Lemma permnKV k (p : {perm 'I_k}) i : i < k -> permn p (permn p^-1 i) = i.
Proof. by move=> ik; rewrite -[i]/(val (Ordinal ik)) !permn_val permKV. Qed.

Lemma nth_index_inv (X Y : seq nat) (phi psi : nat -> nat) (x : nat) :
  uniq Y -> x \in X -> phi (index x X) < size Y -> psi (phi (index x X)) = index x X ->
  nth 0 X (psi (index (nth 0 Y (phi (index x X))) Y)) = x.
Proof. by move=> uY xX lt inv; rewrite index_uniq // inv nth_index. Qed.

Section Glue.
Variables (l k m n : nat).
Hypothesis Hn : n = l + k + m.
Local Notation c := (l.*2 + k).
Local Notation N := n.*2.

(* The crossing edges join the positions [U] (a subset of [0, c - 1)) to the
   positions [c + V]; the other positions carry standardized copies of [g]
   and [h]. *)
Definition cross_left (U : {set 'I_c.-1}) := [seq i <- iota 0 c | memn U i].
Definition inner_left (U : {set 'I_c.-1}) := [seq i <- iota 0 c | ~~ memn U i].
Definition cross_right (V : {set 'I_(N - c)}) := [seq i <- iota c (N - c) | memn V (i - c)].
Definition inner_right (V : {set 'I_(N - c)}) :=
  [seq i <- iota c (N - c) | ~~ memn V (i - c)].

Definition glue_fun U V (p : {perm 'I_k}) (g : mfun l) (h : mfun m) (x : nat) : nat :=
  if x < c then
    if memn U x then nth 0 (cross_right V) (permn p (index x (cross_left U)))
    else nth 0 (inner_left U) (natf g (index x (inner_left U)))
  else
    if memn V (x - c) then nth 0 (cross_left U) (permn p^-1 (index x (cross_right V)))
    else nth 0 (inner_right V) (natf h (index x (inner_right V))).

---*---

- Aim of the exercise -
Repeat, word for word, the lines from the start of the records to the line that contains "Local Notation c := (l.*2 + k).", both of them included, and no others.

- Task answer -
Lemma permnKV k (p : {perm 'I_k}) i : i < k -> permn p (permn p^-1 i) = i.
Proof. by move=> ik; rewrite -[i]/(val (Ordinal ik)) !permn_val permKV. Qed.

Lemma nth_index_inv (X Y : seq nat) (phi psi : nat -> nat) (x : nat) :
  uniq Y -> x \in X -> phi (index x X) < size Y -> psi (phi (index x X)) = index x X ->
  nth 0 X (psi (index (nth 0 Y (phi (index x X))) Y)) = x.
Proof. by move=> uY xX lt inv; rewrite index_uniq // inv nth_index. Qed.

Section Glue.
Variables (l k m n : nat).
Hypothesis Hn : n = l + k + m.
Local Notation c := (l.*2 + k).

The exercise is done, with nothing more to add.